Introduction to Apache Spark

Introduction to Apache Spark#

A unified compute engine and a set of libraries for parallel data processing on computer clusters.
Click the JupyterHub link

Unified: Spark supports a wide range of data analytic tasks over the same computing engine and a consistent set of APIs.
Computing engine: Spark handles loading data from storage systems and perform computation on the data (in memory) rather than on permanent storage. To adhere to the data locality principle, Spark relies on APIs to provide a transparent common interface with different storage systems for all applications.
Libraries: Via its APIs, Spark supports a wide array of internal and external libraries for complex data analytic tasks.

Research project at UC Berkeley AMP Lab in 2009 to address drawbacks of Hadoop MapReduce.
Paper published in 2010: Spark: Cluster Computing with Working Sets
Source code is contributed to Apache in 2013. The project had more than 100 contributors from more than 30 organizations outside UC Berkeley.
Version 1.0 was released in 2014.
Currently, Spark is being used extensively in academic and industry (NASA, CERN, Uber, Netflix …).

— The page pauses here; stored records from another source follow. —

Lemma Apoly_mcoeff_lt0 m s t : (s + t = m + 2)%N -> (3 <= s)%N -> (3 <= t)%N ->
  (Apoly m)@_(cmon [:: s; t; m]) < 0.
Proof.
move=> st s3 t3; rewrite mcoeff_Apoly oppr_lt0.
have sm : s.-1 \in index_iota 1 m by rewrite mem_index_iota; lia.
rewrite (bigD1_seq s.-1) //=; last exact: iota_uniq.
have -> : cmon [:: (1 + s.-1)%N; (1 + m - s.-1)%N; m] = cmon [:: s; t; m].
  by congr cmon; congr cons; [lia | congr cons; lia].
rewrite eqxx mulr1n -[0]addr0 ltr_leD ?ltr0n ?bin_gt0 //; first lia.
by apply: sumr_ge0 => k _; rewrite mulrn_wge0.
Qed.

(* The polynomial X_m above; Y_m is Rpoly m - Rlead m. *)
Fixpoint Rlead (m : nat) : Defs.poly :=
  match m with
  | 0 | 1 | 2 => 0
  | m'.+1 => Apoly m' + mfilter (fun mu => m' \in mseq mu) (Lop (Rlead m'))
  end.

Lemma RpolyS m : (2 <= m)%N -> Rpoly m.+1 = Apoly m + Lop (Rpoly m) + Hop (Rpoly m).
Proof. by case: m => [|[|m]]. Qed.

Lemma RleadS m : (2 <= m)%N ->
  Rlead m.+1 = Apoly m + mfilter (fun mu => m \in mseq mu) (Lop (Rlead m)).
Proof. by case: m => [|[|m]]. Qed.

Lemma all_mons_Rlead m : (2 <= m)%N -> all_mons (lead_mon m) (Rlead m).
Proof.
elim: m => [//|m IH]; have [->|m1] := eqVneq m 1%N.
  by move=> _; exact: all_mons0.
move=> m2; have {}m2 : (2 <= m)%N by lia.
rewrite RleadS //; apply: all_monsD; first by apply: all_mons_Apoly; lia.
apply: (all_mons_mfilter (all_mons_linext (IH m2) (@Lmon_lead_mon m))) => mu mmu.
case/and3P => /eqP s3 /eqP ss /allP sa; rewrite /lead_mon /= s3 ss mmu /=.
apply/andP; split; first by apply/eqP; lia.
by apply/allP => x xs; have := sa x xs; lia.
Qed.

Lemma nonpos_int_Rlead m mu : nonpos_int (Rlead m)@_mu.
Proof.
elim: m mu => [|[|[|m]] IH] mu; rewrite ?mcoeff0 /nonpos_int ?lexx ?rpred0 //.
rewrite RleadS // mcoeffD mcoeff_mfilter.
apply: nonpos_intD; first exact: nonpos_int_Apoly.
by case: ifP => _; [exact: nonpos_int_Lop | rewrite /nonpos_int lexx rpred0].
Qed.

Lemma all_mons_Rpoly_sub_Rlead m : (2 <= m)%N ->
  all_mons (low_mon (m + 2)) (Rpoly m - Rlead m).
Proof.
elim: m => [//|m IH]; have [->|m1] := eqVneq m 1%N.
  by move=> _; rewrite subrr; exact: all_mons0.
move=> m2; have {}m2 : (2 <= m)%N by lia.
have hX := all_mons_Rlead m2; have hY := IH m2.
set p := fun mu : {cmonom nat} => m \in mseq mu.
set Y := Rpoly m - Rlead m.
have -> : Rpoly m.+1 - Rlead m.+1 =
    mfilter (predC p) (Lop (Rlead m)) + Lop Y + Hop (Rlead m) + Hop Y.
  have eR : Rpoly m = Rlead m + Y by rewrite /Y addrC subrK.
  rewrite RpolyS // RleadS // eR /Lop /Hop !linextD.
  have regroup (V : comPzRingType) (a f fc ly hx hy : V) :
    a + (f + fc + ly) + (hx + hy) - (a + f) = fc + ly + hx + hy by ring.
  by rewrite {1}(mfilter_split p (linext Lmon (Rlead m))); exact: regroup.
have -> : (m.+1 + 2 = (m + 2).+1)%N by lia.
apply: all_monsD; first apply: all_monsD; first apply: all_monsD.
- apply: (all_mons_mfilter (all_mons_linext hX (@Lmon_lead_mon m))) => mu /= pm.
  case/and3P => /eqP s3 _ /allP sa; rewrite /low_mon s3 /=.
  apply/allP => x xs; have := sa x xs.
  have : x != m by apply: contraNneq pm => xm; rewrite /= /p -xm.
  lia.
- exact: all_mons_linext hY (@Lmon_low_mon _).
- apply: all_mons_linext hX _ => s hs.
  by rewrite -addnS; apply: Hmon_lead_mon (ltnW m2) hs.
- exact: all_mons_linext hY (@Hmon_low_mon _).
Qed.

Lemma cmon_filter_eq (m nu : {cmonom nat}) n : m n = 1%N ->
  (cmon [seq i <- mseq m | i != n] == nu) = (m == mmul nu (ucm n)) && (nu n == 0%N).
Proof.
move=> mn.
have drop_n i : cmon [seq i <- mseq m | i != n] i = if i == n then 0%N else m i.
  rewrite cmonE count_filter; case: eqVneq => [->|ne].
    apply/eqP; rewrite -leqn0 leqNgt -has_count.
    by apply/hasP => -[x _ /andP [/eqP ->]]; rewrite eqxx.
  rewrite -count_mseq; apply: eq_count => x /=.
  by case: eqVneq => // ->; rewrite (negbTE ne).
apply/idP/idP.
  move/eqP => <-; rewrite drop_n eqxx /= andbT; apply/cmP => i.
  by rewrite cmM drop_n cmU; case: eqVneq => [->|]; rewrite ?mn ?addn0.
case/andP => /eqP em /eqP nun; apply/cmP => i.
by rewrite drop_n em cmM cmU; case: eqVneq => [->|_]; rewrite ?nun ?addn0.
Qed.

Lemma mcoeff_coefT1 n (P : Defs.poly) nu :
  (coefT n 1 P)@_nu = if nu n == 0%N then P@_(mmul nu (ucm n)) else 0.
Proof.
rewrite /coefT raddf_sum /=.
rewrite (eq_bigr (fun m : {cmonom nat} =>
    P@_m * ((m == mmul nu (ucm n)) && (nu n == 0%N))%:R)); last first.
  by move=> m /eqP mn; rewrite mcoeffZ mcoeff_prodT cmon_filter_eq.
case: eqP => nun; last by rewrite big1 // => m _; rewrite andbF mulr0.
rewrite big_mkcond /= (eq_bigr (fun m : {cmonom nat} =>
    (if m n == 1%N then P@_m else 0) *+ (m == mmul nu (ucm n)))); last first.
  by move=> m _; rewrite andbT mulr_natr; case: ifP; rewrite ?mul0rn.
rewrite sum_mulrn_eq ?fset_uniq // cmM cmUU nun /=.
by case: ifP => // /negbT /mcoeff_outdom ->.
Qed.

Lemma mcoeff_a n nu : (4 <= n)%N ->
  (a_ n)@_nu = if nu n == 0%N then (Rlead n.+1)@_(mmul nu (ucm n)) else 0.
Proof.
move=> n4; rewrite /a_ mcoeff_coefT1; case: eqP => // nun.
set mu := mmul nu (ucm n).
rewrite -{1}(subrK (Rlead n.+1) (Rpoly n.+1)) mcoeffD.
suff -> : (Rpoly n.+1 - Rlead n.+1)@_mu = 0 by rewrite add0r.
have nmu : n \in mseq mu by rewrite mem_mseq -cmE_neq0 cmM cmUU addn1.
have low := @all_mons_Rpoly_sub_Rlead n.+1 (ltnW (ltnW (ltnW n4))).
apply/eqP; apply: contraT => /(all_mons_mcoeff low) /andP [s3 /allP /(_ n nmu)].
by case: eqP => e /=; lia.
Qed.

Lemma a_mcoeff_int n nu : (4 <= n)%N -> (a_ n)@_nu \is a Num.int.
Proof.
move=> n4; rewrite mcoeff_a //; case: ifP => _; last exact: rpred0.
by case/andP: (nonpos_int_Rlead n.+1 (mmul nu (ucm n))).
Qed.

Lemma a_msupp n nu : (4 <= n)%N -> nu \in msupp (a_ n) ->
  exists i j, [/\ mseq nu = [:: i; j], (i + j = n + 2)%N,
                  (3 <= i <= n.-1)%N & (3 <= j <= n.-1)%N].
Proof.
move=> n4; rewrite -mcoeff_neq0 mcoeff_a //.
case: ifP => [/eqP nun|]; last by rewrite eqxx.
move=> /(all_mons_mcoeff (@all_mons_Rlead n.+1 (ltnW (ltnW (ltnW n4))))).
rewrite (perm_lead_mon _ (perm_mseq_mulU nu n)).
have : n \notin mseq nu by rewrite mem_mseq -cmE_eq0 nun.
case: (mseq nu) => [|i [|j [|k r]]] //; rewrite !inE negb_or => /andP [ni nj].
case/and4P => _ _ /eqP ss /and4P [_ /andP [i2 iN] /andP [j2 jN] _].
move: ni nj ss => /eqP ni /eqP nj /= ss.
by exists i, j; split => //; lia.
Qed.

Lemma a_mcoeff_neq0 n s t :
  (4 <= n)%N -> (s + t = n + 2)%N -> (3 <= s)%N -> (3 <= t)%N ->
  (a_ n)@_(cmon [:: s; t]) != 0.
Proof.
move=> n4 st s3 t3.
have stn : cmon [:: s; t] n = 0%N.
  by rewrite cmonE /=; do 2 (case: eqP => [?|_]; first lia).
rewrite mcoeff_a // stn eqxx.
have -> : mmul (cmon [:: s; t]) (ucm n) = cmon [:: s; t; n].
  by apply/eqP/cmP => i; rewrite cmM !cmonE cmU /= !addn0 addnA.
rewrite RleadS; last lia.
rewrite mcoeffD mcoeff_mfilter; apply: ltr0_neq0.
have lt0 := Apoly_mcoeff_lt0 st s3 t3.
case: ifP => _; last by rewrite addr0.
have /andP [le0 _] := nonpos_int_Lop (@nonpos_int_Rlead n) (cmon [:: s; t; n]).
by rewrite -[0]addr0 ltr_leD.
Qed.

Section AntiDiagonalForm.
Variables (R : realType) (k : nat).

Lemma coordvalD (x y : 'rV[R]_k) i : coordval (x + y) i = coordval x i + coordval y i.
Proof.
rewrite /coordval; case: ifP => _; last by rewrite addr0.
by case: insub => [j|]; rewrite ?mxE ?addr0.
Qed.

Lemma coordvalE (x : 'rV[R]_k) (j : 'I_k) : coordval x (j + 3) = x 0 j.
Proof.
rewrite /coordval (_ : (3 <= j + 3)%N) ?leq_addl // addnK.
by case: insubP => [u _ uj|]; [congr (x 0 _); exact: val_inj | rewrite ltn_ord].
Qed.

Lemma coordval_delta (j : 'I_k) i :
  coordval (delta_mx 0 j : 'rV[R]_k) i = (i == j + 3)%N%:R.
Proof.
rewrite /coordval; case: ifP => i3; last by case: eqP => // ei; move: i3; rewrite ei; lia.
case: insubP => [u _ uj|un]; last first.
  by case: eqP => // ei; move: un; rewrite ei; have := ltn_ord j; lia.
rewrite mxE eqxx /= -(inj_eq val_inj) uj.
suff -> : ((i - 3)%N == j) = (i == j + 3)%N by [].
by case: eqP => h1; case: eqP => h2 //; lia.
Qed.

Definition antidiagonal (c : nat) (P : Defs.poly) :=
  forall m, m \in msupp P -> exists i i', mseq m = [:: i; i'] /\ (i + i' = c)%N.

Lemma polar_delta_mx (P : Defs.poly) c (j : 'I_k) t (x : 'rV[R]_k) :
  antidiagonal c P -> (j + 3 + t = c)%N ->
  polar P x (delta_mx 0 j) =
    ratr P@_(cmon [:: (j + 3)%N; t]) * (coordval x t * (1 + (j + 3 == t)%N%:R)) / 2%:R.
Proof.
set s := (j + 3)%N => shape st; rewrite /polar /qform /evalP -!sumrB.
set K := coordval x t * (1 + (s == t)%:R).
set nu := cmon [:: s; t].
have term mu : mu \in msupp P ->
    ratr P@_mu * \prod_(i <- mseq mu) coordval (x + delta_mx 0 j) i
    - ratr P@_mu * \prod_(i <- mseq mu) coordval x i
    - ratr P@_mu * \prod_(i <- mseq mu) coordval (delta_mx 0 j) i
    = (ratr P@_mu * K) *+ (mu == nu).
  move=> /shape [i [i' [ms ii']]].
  rewrite ms !big_cons !big_nil !mulr1 !coordvalD !coordval_delta -/s.
  have -> : (mu == nu) = (i == s) || (i' == s).
    rewrite -(mseqK mu) ms /nu; apply/eqP/idP => [e | /orP [] /eqP ei].
    - have : s \in mseq (cmon [:: i; i']).
        by rewrite e (perm_mem (perm_mseq_cmon _)) inE eqxx.
      by rewrite (perm_mem (perm_mseq_cmon _)) !inE ![s == _]eq_sym.
    - by rewrite ei (_ : i' = t) //; lia.
    - rewrite ei (_ : i = t); last lia.
      by apply: cmon_perm; apply/permP => a /=; rewrite !addn0 addnC.
  case: (eqVneq i s) => [ei|ni] /=; [|case: (eqVneq i' s) => [ei'|ni'] /=].
  - rewrite ei (_ : i' = t) ?mulr1n /K; last lia.
    case: (t =P s) => [->|/eqP ts] /=; first by rewrite eqxx /=; ring.
    by rewrite eq_sym (negbTE ts) /=; ring.
  - have ti : i = t by lia.
    by rewrite ti in ni *; rewrite mulr1n /K eq_sym (negbTE ni) /=; ring.
  - by rewrite mulr0n; ring.
rewrite big_seq (eq_bigr _ term) -big_seq sum_mulrn_eq ?fset_uniq //.
case: ifP => [_|/negbT /mcoeff_outdom ->]; first by rewrite mulrA.
by rewrite rmorph0 !mul0r.
Qed.

Lemma nondegenerate_antidiagonal (P : Defs.poly) c :
  antidiagonal c P ->
  (forall t : 'I_k, exists s : 'I_k,
      (s + t + 6 = c)%N /\ P@_(cmon [:: (s + 3)%N; (t + 3)%N]) != 0) ->
  nondegenerate_qf R k P.
Proof.
move=> shape diag x xP; apply/rowP => t; rewrite mxE.
have [s [st nz]] := diag t.
have := xP (delta_mx 0 s).
rewrite (@polar_delta_mx P c s (t + 3) x shape); last lia.
move/eqP; rewrite mulf_eq0 invr_eq0 pnatr_eq0 orbF.
rewrite mulf_eq0 fmorph_eq0 (negbTE nz) /=.
rewrite mulf_eq0 coordvalE => /orP [/eqP //|].
by rewrite paddr_eq0 ?ler01 ?ler0n // oner_eq0.
Qed.

End AntiDiagonalForm.

Theorem mainTheorem17 (n : nat) : (5 <= n)%N ->
  (forall m : {cmonom nat}, m \in msupp (a_ n) ->
     (a_ n)@_m \is a Num.int /\
     (forall i : nat, i \in finsupp m -> (3 <= i <= n - 1)%N)) /\
  (forall m : {cmonom nat}, m \in msupp (a_ n) -> mdeg m = 2%N) /\
  (forall R : realType, nondegenerate_qf R (n - 3) (a_ n)).
Proof.
move=> n5; have n4 : (4 <= n)%N by lia.
split; [|split].
- move=> m /(a_msupp n4) [i [j [ms _ hi hj]]]; split; first exact: a_mcoeff_int.
  by move=> l; rewrite -mem_mseq ms !inE => /orP [] /eqP ->; lia.
- by move=> m /(a_msupp n4) [i [j [ms _ _ _]]]; rewrite -size_mseq ms.
move=> R; apply: (@nondegenerate_antidiagonal _ _ _ (n + 2)).
  by move=> m /(a_msupp n4) [i [j [ms ij _ _]]]; exists i, j.
move=> t; have ts : (n - 4 - t < n - 3)%N by lia.
exists (Ordinal ts); split => /=; first by have := ltn_ord t; lia.
by apply: a_mcoeff_neq0; have := ltn_ord t; lia.
Qed.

What is map? A function/procedure that is applied to every individual elements of a collection/list/array/…

int square(x) { return x*x;}
map square [1,2,3,4] -[1,4,9,16]

What is reduce? A function/procedure that performs an operation on a list. This operation will fold/reduce this list into a single value (or a smaller subset).

reduce ([1,2,3,4]) using sum -10
reduce ([1,2,3,4]) using multiply -24

Programmers implement:
- Map function: Take in the input data and return a key,value pair.
- Reduce function: Receive the key,value pairs from the mapper and provide a final output as a reduction operation on the pairs.
MapReduce Framework handles everything else.
Spark implements a MapReduce framework.